(* Let $X_1,\dots,X_N$ be independent nonnegative random variables and $\theta>0$. Suppose $\overline{F}_{X_1}(x)=O(x^{-\theta})$ and, for every $2\le j\le N$, there exists $\varphi_j\in\mathfrak{F}$ with $\overline{F}_{X_j}(\varphi_j(x))=O(x^{-\theta})$ and $\mathbb{E}[X_j^\theta]<\infty$. Then $\overline{F}_{\prod_{i=1}^N X_i}(x)=O(x^{-\theta})$.
   Context: $\overline{F}_Y(x)=\Pr(Y>x)$; $f(x)=O(g(x))$ means $\limsup_{x\to\infty}f(x)/g(x)<\infty$. $\mathfrak{F}$ is the class of functions $\varphi:\mathbb{R}_{\ge0}\to\mathbb{R}_{\ge0}$ with $\lim_{x\to\infty}\varphi(x)=\infty$ and $\lim_{x\to\infty}\varphi(x)/x=0$. *)

From HB Require Import structures.
From mathcomp Require Import all_boot all_order all_algebra.
From mathcomp Require Import all_classical all_reals all_analysis.
Set Implicit Arguments. Unset Strict Implicit. Unset Printing Implicit Defensive.
Import Order.TTheory GRing.Theory Num.Theory.
Import numFieldNormedType.Exports.
Local Open Scope classical_set_scope.
Local Open Scope ring_scope.

Definition survival d (T : measurableType d) (R : realType)
  (P : probability T R) (Y : T -> R) (x : R) : R :=
  fine (P [set t | x < Y t]).

Definition mutually_independent d (T : measurableType d) (R : realType)
  (P : probability T R) (n : nat) (X : 'I_n -> T -> R) : Prop :=
  forall (J : {set 'I_n}) (B : 'I_n -> set R),
    (forall i, i \in J -> measurable (B i)) ->
    P (\bigcap_(i in [set j | j \in J]) (X i @^-1` B i)) =
    (\prod_(i in J) P (X i @^-1` B i))%E.

(* The class \mathfrak{F}: phi : R_{>=0} -> R_{>=0} with phi x -> +oo and
   phi x / x -> 0 as x -> +oo.  (phi is given on all of R; only its values
   on [0, +oo) are constrained.) *)
Definition frakF (R : realType) (phi : R -> R) : Prop :=
  (forall x, 0 <= x -> 0 <= phi x) /\
  (phi x @[x --> +oo] --> +oo) /\
  ((fun x => phi x / x) x @[x --> +oo] --> (0 : R)).

(* f(x) = O(g(x)) as x -> +oo, i.e. limsup_{x->oo} f(x)/g(x) < oo, written
   (for g eventually positive, as in all uses here) as: there is a constant C
   with f x <= C * g x for all sufficiently large x. *)
Definition bigO_infty (R : realType) (f g : R -> R) : Prop :=
  exists C : R, \forall x \near +oo, f x <= C * g x.

(* Induction on the number of factors Z_k = X_1 ... X_k.  Independence is only
   available for the X_i themselves, not for Z_k and X_(k+1), so the induction
   hypothesis is a tail bound for Z_k that holds uniformly after conditioning on
   any event A = {X_i \in B_i for k < i <= N}:
     P(Z_k > s, A) <= C s^-theta P(A).
   For the step, with Y = X_(k+1), the event {Z_k Y > s} is covered by
   {Y > phi s}, {Z_k > s} (when Y < 1), and the pieces
   {Z_k > s / 2^(m+1), 2^m <= Y < 2^(m+1)} for 2^m <= phi s.  The first is
   O(s^-theta) by the hypothesis on phi and the second by induction; on the
   dyadic pieces the induction hypothesis, conditioned on {Y in shell} /\ A,
   applies because phi s / s -> 0 keeps s / 2^(m+1) >= s / (2 phi s) large, and
   their total is at most C 2^theta s^-theta E[Y^theta] P(A).  Nothing else
   about phi is used. *)

From HB Require Import structures.
From mathcomp Require Import all_boot all_order all_algebra.
From mathcomp Require Import all_classical all_reals all_analysis.
From mathcomp Require Import measurable_realfun ring.
Set Implicit Arguments.
Unset Strict Implicit.
Unset Printing Implicit Defensive.

Import Order.TTheory GRing.Theory Num.Theory.
Import numFieldNormedType.Exports.
Local Open Scope classical_set_scope.
Local Open Scope ring_scope.
Lemma incr_iter (f : R -> R) (m : nat) : incr_map r f -> incr_map r (Nat.iter m f).
Proof.
  intros Hf. induction m as [|m IH].
  - split; auto; try (intros; lra).
    intros p Hp e He. exists e; split; [exact He|]. intros; simpl; lra.
  - exact (incr_comp (Nat.iter m f) f IH Hf).
Qed.

Lemma incr_of_Fup (Lam A : R -> Prop) (f : R -> R) :
  (forall l, Lam l -> 0 < l) -> Fup r Lam A f -> incr_map r f.
Proof.
  intros HLam ((((_ & Hinto & _ & _) & Hpw) & Hc) & Hup).
  destruct Hpw as (n & x & lam & c & H0 & Hn & Hx & _ & _ & Hl & Hf).
  assert (Hpart : affine_partition r f n x lam c) by (repeat split; auto).
  assert (Hlc : forall p, 0 < p < r -> left_cont f p)
    by (intros p Hp; apply (left_cont_of_cont r); auto).
  assert (Hm : forall s t, in_I r s -> in_I r t -> s < t -> f s < f t).
  { intros s t Hs Ht Hst. unfold in_I in *.
    apply (partition_increasing r f n x lam c Hpart 0 r); auto; lra. }
  split; [exact Hinto | | exact Hm |].
  - intros t Ht. assert (in_I r t) by (unfold in_I; lra).
    specialize (Hup t H). specialize (Hinto t H). unfold in_I in *. lra.
  - intros p Hp e He. destruct (Hlc p Hp e He) as (d & Hd & H).
    exists (Rmin d p); split; [apply Rmin_pos; lra|].
    pose proof (Rmin_l d p). pose proof (Rmin_r d p).
    intros s Hs. specialize (H s ltac:(lra)).
    assert (f s < f p) by (apply Hm; unfold in_I; lra).
    solve_abs.
Qed.

Lemma incr_inverse (f h : R -> R) : incr_map r f -> f 0 = 0 ->
  (forall y, in_I r y -> exists t, in_I r t /\ f t = y) ->
  (forall t, h (f t) = t) -> (forall t, f (h t) = t) -> incr_map r h.
Proof.
  intros Hf H0 Hsurj Hhf Hfh.
  assert (Hinto : forall y, in_I r y -> in_I r (h y)).
  { intros y Hy. destruct (Hsurj y Hy) as (t & Ht & <-). rewrite Hhf; exact Ht. }
  assert (Hm : forall s t, in_I r s -> in_I r t -> s < t -> h s < h t).
  { intros s t Hs Ht Hst. apply (incr_reflect f); auto. rewrite !Hfh; exact Hst. }
  split; [exact Hinto | | exact Hm |].
  - intros y Hy. assert (Hhy : in_I r (h y)) by (apply Hinto; unfold in_I; lra).
    destruct (Req_dec (h y) 0) as [E|E]; [|unfold in_I in Hhy; lra].
    rewrite <- (Hfh y), E, H0 in Hy. lra.
  - intros p Hp e He.
    assert (Hx : in_I r (h p)) by (apply Hinto; unfold in_I; lra).
    assert (Hxp : 0 < h p).
    { destruct (Req_dec (h p) 0) as [E|E]; [|unfold in_I in Hx; lra].
      rewrite <- (Hfh p), E, H0 in Hp. lra. }
    (* a point [w] slightly below [h p]; its image bounds the window *)
    set (w := Rmax (h p - e / 2) (h p / 2)).
    assert (Hw : h p - e / 2 <= w /\ h p / 2 <= w /\ w < h p).
    { unfold w. split; [apply Rmax_l | split; [apply Rmax_r|]].
      apply Rmax_lub_lt; lra. }
    assert (HwI : in_I r w) by (unfold in_I in *; lra).
    assert (Hfw : f w < p) by (rewrite <- (Hfh p); apply (incr_strict Hf); auto; lra).
    assert (HfwI : in_I r (f w)) by (apply (incr_into Hf), HwI).
    exists (p - f w); split; [lra|].
    intros s Hs. unfold in_I in HfwI.
    assert (HsI : in_I r s) by (unfold in_I; lra).
    split.
    + assert (w < h s) by (apply (incr_reflect f); auto; rewrite Hfh; lra). lra.
    + apply Hm; [exact HsI | unfold in_I; lra | lra].
Qed.

Lemma incr_inverse_cont (f : R -> R) (y e : R) : incr_map r f -> in_I r y -> 0 < e ->
  exists eta, 0 < eta /\
    forall z, in_I r z -> Rabs (f z - f y) < eta -> Rabs (z - y) < e.
Proof.
  intros Hf Hy He. unfold in_I in Hy.
  assert (E1 : exists e1, 0 < e1 /\ (y + e < r -> e1 <= f (y + e) - f y)).
  { destruct (Rlt_dec (y + e) r).
    - exists (f (y + e) - f y). split; [|lra].
      assert (f y < f (y + e)) by (apply (incr_strict Hf); unfold in_I; lra). lra.
    - exists 1; split; lra. }
  assert (E2 : exists e2, 0 < e2 /\ (0 <= y - e -> e2 <= f y - f (y - e))).
  { destruct (Rle_dec 0 (y - e)).
    - exists (f y - f (y - e)). split; [|lra].
      assert (f (y - e) < f y) by (apply (incr_strict Hf); unfold in_I; lra). lra.
    - exists 1; split; lra. }
  destruct E1 as (e1 & He1 & H1). destruct E2 as (e2 & He2 & H2).
  exists (Rmin e1 e2); split; [apply Rmin_pos; lra|].
  pose proof (Rmin_l e1 e2). pose proof (Rmin_r e1 e2).
  intros z Hz Hfz. unfold in_I in Hz.
  destruct (Rlt_le_dec (Rabs (z - y)) e) as [|Hge]; [assumption|exfalso].
  destruct (Rle_dec (y + e) z).
  - assert (f (y + e) <= f z) by (apply (incr_le f); unfold in_I; auto; lra).
    specialize (H1 ltac:(lra)). solve_abs.
  - assert (z <= y - e) by solve_abs.
    assert (f z <= f (y - e)) by (apply (incr_le f); unfold in_I; auto; lra).
    specialize (H2 ltac:(lra)). solve_abs.
Qed.

End IncrMap.

(* A bump with support (lo,hi): an increasing map lying above the identity
   and moving exactly the points of (lo,hi).  Both [a] and [b] are bumps,
   and so are the conjugates of [b] by powers of [a]. *)
Record bump (r : R) (c : R -> R) (lo hi : R) : Prop := Bump {
  bump_incr : incr_map r c;
  bump_up : forall t, in_I r t -> t <= c t;
  bump_supp : forall t, in_I r t -> (c t <> t <-> lo < t < hi);
  bump_lo : 0 <= lo < hi;
  bump_hi : hi <= r }.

DIRECTIONS — Could you repeat exactly the lines above from the line with "- intros y Hy." up to and including the line with "assert (HwI : in_I", and only those?

SOLUTION FOR THIS TASK —
  - intros y Hy. assert (Hhy : in_I r (h y)) by (apply Hinto; unfold in_I; lra).
    destruct (Req_dec (h y) 0) as [E|E]; [|unfold in_I in Hhy; lra].
    rewrite <- (Hfh y), E, H0 in Hy. lra.
  - intros p Hp e He.
    assert (Hx : in_I r (h p)) by (apply Hinto; unfold in_I; lra).
    assert (Hxp : 0 < h p).
    { destruct (Req_dec (h p) 0) as [E|E]; [|unfold in_I in Hx; lra].
      rewrite <- (Hfh p), E, H0 in Hp. lra. }
    (* a point [w] slightly below [h p]; its image bounds the window *)
    set (w := Rmax (h p - e / 2) (h p / 2)).
    assert (Hw : h p - e / 2 <= w /\ h p / 2 <= w /\ w < h p).
    { unfold w. split; [apply Rmax_l | split; [apply Rmax_r|]].
      apply Rmax_lub_lt; lra. }
    assert (HwI : in_I r w) by (unfold in_I in *; lra).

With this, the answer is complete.